I have a PySpark DataFrame with columns 'Country' and 'Continent'. In several records, value of 'Continent' is missing. However, there are records containing 'Continent' for the same country (Examples of "Italy" and "China" in the sample dataset below).
# Prepare Data
data = [
(1, "Italy", "Europe"),
(2, "Italy", "Europe"),
(3, "Italy", None),
(4, "Italy", None),
(5, "China", "Asia"),
(6, "China", None),
(7, "Japan", "Asia"),
(8, "France", None),
]
# Create DataFrame
columns = ["Code", "Country", "Continent"]
df = spark.createDataFrame(data=data, schema=columns)
df.show(truncate=False)
For records whose 'Continent' is Null, I want to:
Look for any record of the same country whose 'Continent' is not Null
Get the value of 'Continent' and fill in the Null value
The expected output will be like:
Code | Country | Continent |
---|---|---|
1 | 'Italy' | 'Europe' |
2 | 'Italy' | 'Europe' |
3 | 'Italy' | 'Europe' |
4 | 'Italy' | 'Europe' |
5 | 'China' | 'Asia' |
6 | 'China' | 'Asia' |
7 | 'Japan' | 'Asia' |
8 | 'France' | Null |
Any idea how to do that?
CodePudding user response:
Here is one of the solution.

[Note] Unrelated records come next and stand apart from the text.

(* Let $(N,v)$ be a TU game and $\delta>0$. Following the Coalition Proposal algorithm (described in the context) for $(N,v)$, if the environment state at some iteration lies in $\Omega(v)$, then the environment state at every subsequent iteration lies in $\Omega(v)$.
   Context: A TU game is a pair $(N,v)$ with $N=\{1,\dots,n\}$ and $v:2^N\to\mathbb{R}$, $v(\emptyset)=0$. Coalition Proposal algorithm with step $\delta$: each player $i$ holds an aspiration $a_i$ and a coalition state $C_i\subseteq N$. In each iteration: a player $i\in N$ is activated at random; $i$ chooses at random a set $S\subseteq N\setminus\{i\}$ and proposes $J=S\cup\{i\}$. If $\sum_{j\in J}a_j+\delta\le v(J)$ (success): $a_i\leftarrow a_i+\delta$; then for every $j\in J$ and every $k\in C_j$ with $k\neq j$, set $C_k\leftarrow\emptyset$; then set $C_j\leftarrow J$ for all $j\in J$. Otherwise (failure): if $C_i=\emptyset$, set $a_i\leftarrow\max(v(\{i\}),a_i-\delta)$. Finally, if $a_i=v(\{i\})$ and $C_i=\emptyset$, set $C_i\leftarrow\{i\}$. The environment state is $(\mathbf{a},\mathcal{C})$ with $\mathbf{a}=(a_1,\dots,a_n)$ and $\mathcal{C}=\{C_i:i\in N\}$ the set of (nonempty) formed coalitions. A feasible environment state is a pair $(\mathbf{a},\mathcal{C})$ with $\mathbf{a}\in\mathbb{R}^n$ and $\mathcal{C}$ a set of pairwise disjoint subsets of $N$ such that $a_i\ge v(\{i\})$ for all $i\in N$ and $\sum_{i\in S}a_i\le v(S)$ for all $S\in\mathcal{C}$. $\Omega(v)$ is the set of feasible environment states. *)

From HB Require Import structures.
From mathcomp Require Import all_boot all_order all_algebra.
Set Implicit Arguments. Unset Strict Implicit. Unset Printing Implicit Defensive.
Import Order.TTheory GRing.Theory Num.Theory.
Local Open Scope ring_scope.

(* Players N = 'I_n; a TU game is v : {set 'I_n} -> R with v set0 = 0. *)

Record cp_state (R : realFieldType) (n : nat) := CPState {
  asp : 'I_n -> R;
  coal : 'I_n -> {set 'I_n}
}.

Section CP.
Variables (R : realFieldType) (n : nat).
Implicit Types (v : {set 'I_n} -> R) (st : cp_state R n).

(* Coalition update on success with proposal J:
   first C_k <- empty for every j in J and k in C_j with k <> j,
   then C_j <- J for all j in J. *)
Definition success_coal (C : 'I_n -> {set 'I_n}) (J : {set 'I_n}) :
    'I_n -> {set 'I_n} :=
  fun k => if k \in J then J
           else if [exists j in J, (k \in C j) && (k != j)] then set0
           else C k.

Definition cp_step v (delta : R) (i : 'I_n) (S : {set 'I_n}) st : cp_state R n :=
  let a := asp st in
  let C := coal st in
  let J := i |: S in
  let '(a', C') :=
    if \sum_(j in J) a j + delta <= v J then
      ((fun k => if k == i then a i + delta else a k), success_coal C J)
    else
      ((fun k => if (k == i) && (C i == set0)
                 then Num.max (v [set i]) (a i - delta) else a k), C) in
  let C'' := fun k => if (k == i) && (a' i == v [set i]) && (C' i == set0)
                      then [set i] else C' k in
  CPState a' C''.

Definition formed (C : 'I_n -> {set 'I_n}) : {set {set 'I_n}} :=
  [set C i | i in [set: 'I_n]] :\ set0.

Definition feasible v (a : 'I_n -> R) (calC : {set {set 'I_n}}) : Prop :=
  (forall i, v [set i] <= a i) /\
  (forall S T, S \in calC -> T \in calC -> S != T -> [disjoint S & T]) /\
  (forall S, S \in calC -> \sum_(i in S) a i <= v S).

Definition in_Omega v st : Prop := feasible v (asp st) (formed (coal st)).

(* Well-formed coalition states, as produced by the algorithm
   (e.g. the initialization C_i = empty for all i): every C_i is empty or
   contains i and is the common coalition state of all its members. *)
Definition coal_consistent (C : 'I_n -> {set 'I_n}) : Prop :=
  forall i, C i = set0 \/ (i \in C i /\ forall k, k \in C i -> C k = C i).

End CP.

From HB Require Import structures.
From mathcomp Require Import all_boot all_order all_algebra.
Set Implicit Arguments. Unset Strict Implicit. Unset Printing Implicit Defensive.
Import Order.TTheory GRing.Theory Num.Theory.
Local Open Scope ring_scope.

(* For well-formed coalition states, lying in Omega(v) just says that every
   aspiration is individually rational and every coalition state C_k can
   afford the aspirations of its members.  A successful proposal J passes
   the affordability test, dissolves exactly the coalitions meeting J and
   leaves all other coalitions and their members' aspirations untouched; a
   failure only lowers a_i, never below v({i}); and a singleton {i} is only
   formed when a_i = v({i}). *)

Section CoalitionProposal.
Variables (R : realFieldType) (n : nat) (v : {set 'I_n} -> R).
Implicit Types (a : 'I_n -> R) (C : 'I_n -> {set 'I_n}) (J : {set 'I_n}).

Section Consistent.
Variable C : 'I_n -> {set 'I_n}.
Hypothesis consC : coal_consistent C.

Lemma mem_coal_self k m : m \in C k -> k \in C k.
Proof. by case: (consC k) => [->|[kk _] _]; rewrite ?inE. Qed.

Lemma coal_of_mem k m : m \in C k -> C m = C k.
Proof.
by case: (consC k) => [->|[_ coalCk]]; [rewrite inE | apply: coalCk].
Qed.

Lemma coal_consistent_disjoint k l : C k != C l -> [disjoint C k & C l].
Proof.
move=> neq_kl; rewrite disjoint_subset; apply/subsetP => m mk; rewrite inE.
by apply: contra neq_kl => ml; rewrite -(coal_of_mem mk) (coal_of_mem ml).
Qed.

Lemma success_coalE J k :
  success_coal C J k =
  if k \in J then J else if [disjoint C k & J] then C k else set0.
Proof.
rewrite /success_coal; case: ifP => // kNJ.
rewrite -[RHS]if_neg; congr (if _ then _ else _).
apply/exists_inP/idP => [[j jJ /andP[kj _]] | ].
  have jCk : j \in C k by rewrite (coal_of_mem kj) (mem_coal_self kj).
  by apply/negP => dis_kJ; rewrite (disjointFr dis_kJ jCk) in jJ.
rewrite disjoint_subset => /subsetPn[j jk]; rewrite inE negbK => jJ.
exists j => //; rewrite (coal_of_mem jk) (mem_coal_self jk) /=.
by apply: contraFneq kNJ => ->.
Qed.

End Consistent.

Lemma success_coal_consistent C J :
  coal_consistent C -> coal_consistent (success_coal C J).
Proof.
move=> consC k; rewrite !success_coalE //.
case: ifP => [kJ|kNJ].
  by right; split => // m mJ; rewrite success_coalE // mJ.
case: ifP => [dis_kJ|_]; last by left.
case: (consC k) => [|[kk coalCk]]; [by left | right; split => // m mk].
by rewrite success_coalE // (disjointFr dis_kJ mk) coalCk // dis_kJ.
Qed.

(* The final update of [cp_step], with [b] standing for [a' i == v [set i]]. *)
Definition form_singleton (i : 'I_n) (b : bool) C : 'I_n -> {set 'I_n} :=
  fun k => if (k == i) && b && (C i == set0) then [set i] else C k.

Lemma form_singleton_consistent i b C :
  coal_consistent C -> coal_consistent (form_singleton i b C).
Proof.
move=> consC k; rewrite /form_singleton.
case: ifP => [/andP[/andP[/eqP -> ->] Ci0] | _].
  by right; split => [|m /set1P ->]; rewrite ?set11 ?eqxx ?Ci0.
case: (consC k) => [|[kk coalCk]]; [by left | right; split => // m mk].
case: ifP => [/andP[/andP[/eqP mi _] /eqP Ci0] | _]; last exact: coalCk.
by rewrite -(coalCk m mk) mi Ci0 inE in kk.
Qed.

Definition coal_feasible a C :=
  (forall i, v [set i] <= a i) /\ (forall k, \sum_(m in C k) a m <= v (C k)).

Lemma in_OmegaE st : v set0 = 0 -> coal_consistent (coal st) ->
  in_Omega v st <-> coal_feasible (asp st) (coal st).
Proof.
move=> v0 consC; have formedP S : S \in formed (coal st) ->
    exists2 k, S = coal st k & S != set0.
  by rewrite in_setD1 => /andP[S0 /imsetP[k _ eqS]]; exists k.
split=> [[ir [_ afford]] | [ir afford]].
  split=> // k; have [->|Ck0] := eqVneq (coal st k) set0.
    by rewrite big_set0 v0.
  by apply: afford; rewrite in_setD1 Ck0 imset_f ?inE.
split=> //; split=> [S T | S /formedP[k -> _] //].
by move=> /formedP[k -> _] /formedP[l -> _]; apply: coal_consistent_disjoint.
Qed.

Lemma coal_feasible_lower a a' C :
  (forall k, v [set k] <= a' k <= a k) ->
  coal_feasible a C -> coal_feasible a' C.
Proof.
move=> le_a'a [_ afford]; split=> [k|k]; first by case/andP: (le_a'a k).
by apply: le_trans (afford k); apply: ler_sum => m _; case/andP: (le_a'a m).
Qed.

Lemma success_coal_feasible a a' C J i :
  v set0 = 0 -> coal_consistent C -> i \in J ->
  (forall k, k != i -> a' k = a k) -> v [set i] <= a' i ->
  \sum_(j in J) a' j <= v J ->
  coal_feasible a C -> coal_feasible a' (success_coal C J).
Proof.
move=> v0 consC iJ a'E ir_i afford_J [ir afford].
split=> [k|k]; first by have [->|/a'E->] := eqVneq k i.
rewrite success_coalE //; case: ifP => // _.
case: ifP => [dis_kJ|_]; last by rewrite big_set0 v0.
rewrite (eq_bigr a) ?afford // => m mk; apply: a'E.
by apply: contraTneq mk => ->; rewrite (disjointFl dis_kJ iJ).
Qed.

Lemma form_singleton_feasible i (b : bool) a C :
  (b -> a i = v [set i]) -> coal_feasible a C ->
  coal_feasible a (form_singleton i b C).
Proof.
move=> bE [ir afford]; split=> // k; rewrite /form_singleton.
case: ifP => [/andP[/andP[_ /bE ai] _] | _]; last exact: afford.
by rewrite big_set1 ai.
Qed.

Section Step.
Variables (delta : R) (i : 'I_n) (S : {set 'I_n}) (st : cp_state R n).

Lemma cp_step_consistent :
  coal_consistent (coal st) -> coal_consistent (coal (cp_step v delta i S st)).
Proof.
case: st => a C /= consC; rewrite /cp_step /=.
case: ifP => _ /=; apply: form_singleton_consistent => //.
exact: success_coal_consistent.
Qed.

Lemma cp_step_feasible :
  v set0 = 0 -> 0 <= delta -> coal_consistent (coal st) ->
  coal_feasible (asp st) (coal st) ->
  coal_feasible (asp (cp_step v delta i S st)) (coal (cp_step v delta i S st)).
Proof.
case: st => a C /= v0 delta_ge0 consC feasC; rewrite /cp_step /=.
have [ir _] := feasC; have iJ : i \in i |: S := setU11 i S.
case: ifP => afford_J /=; apply: form_singleton_feasible => [/eqP//|].
  apply: (success_coal_feasible v0 consC iJ _ _ _ feasC).
  - by move=> k /negbTE ->.
  - by rewrite eqxx (le_trans (ir i)) ?lerDl.
  rewrite (bigD1 i) //= eqxx (eq_bigr a) => [|k /andP[_ /negbTE ->] //].
  by rewrite addrAC -(bigD1 i).
apply: coal_feasible_lower feasC => k.
case: ifP => [/andP[/eqP -> _]|_]; last by rewrite ir lexx.
by rewrite le_max lexx ge_max ir gerBl.
Qed.

Lemma cp_step_in_Omega :
  v set0 = 0 -> 0 <= delta -> coal_consistent (coal st) ->
  in_Omega v st -> in_Omega v (cp_step v delta i S st).
Proof.
move=> v0 delta_ge0 consC /(in_OmegaE v0 consC) feasC.
apply/(in_OmegaE v0 (cp_step_consistent consC)); exact: cp_step_feasible.
Qed.

End Step.

End CoalitionProposal.

Theorem proposition3 (R : realFieldType) (n : nat) (v : {set 'I_n} -> R)
    (hv0 : v set0 = 0) (delta : R) (hdelta : 0 < delta)
    (run : nat -> cp_state R n)
    (hinit : coal_consistent (coal (run 0%N)))
    (hrun : forall t : nat, exists (i : 'I_n) (S : {set 'I_n}),
        S \subset [set~ i] /\ run t.+1 = cp_step v delta i S (run t))
    (t : nat) :
  in_Omega v (run t) -> forall s : nat, (t <= s)%N -> in_Omega v (run s).
Proof.
have consistent_run s : coal_consistent (coal (run s)).
  elim: s => [|s IHs]; first exact: hinit.
  by have [i [S [_ ->]]] := hrun s; apply: cp_step_consistent.
move=> Omega_t s /subnKC <-.
elim: (s - t)%N => [|d IHd]; first by rewrite addn0.
rewrite addnS; have [i [S [_ ->]]] := hrun (t + d)%N.
exact: cp_step_in_Omega (ltW hdelta) (consistent_run _) IHd.
Qed.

Assuming there is only 1 distinct Continent
value in each country, you can use the max()
within each country partition:
df2 = df.withColumn(
"Continent",
func.when(
func.col("Continent").isNull(),
func.max("Continent").over(Window.partitionBy(func.col("Country"))),
).otherwise(func.col("Continent")),
).orderBy("code")
df2.show(truncate=False)
---- ------- ---------
|Code|Country|Continent|
---- ------- ---------
|1 |Italy |Europe |
|2 |Italy |Europe |
|3 |Italy |Europe |
|4 |Italy |Europe |
|5 |China |Asia |
|6 |China |Asia |
|7 |Japan |Asia |
|8 |France |null |
---- ------- ---------
Or you can create a smaller "reference" dataframe and do the broadcasting join back to the main dataframe.
CodePudding user response:
Another solution, same result :
from pyspark.sql import functions as F, Window
df.withColumn(
"continent",
F.coalesce(
F.col("continent"),
F.first("continent").over(Window.partitionBy("country")),
),
).show()
---- ------- ---------
|Code|Country|continent|
---- ------- ---------
| 5| China| Asia|
| 6| China| Asia|
| 8| France| null|
| 1| Italy| Europe|
| 2| Italy| Europe|
| 3| Italy| Europe|
| 4| Italy| Europe|
| 7| Japan| Asia|
---- ------- ---------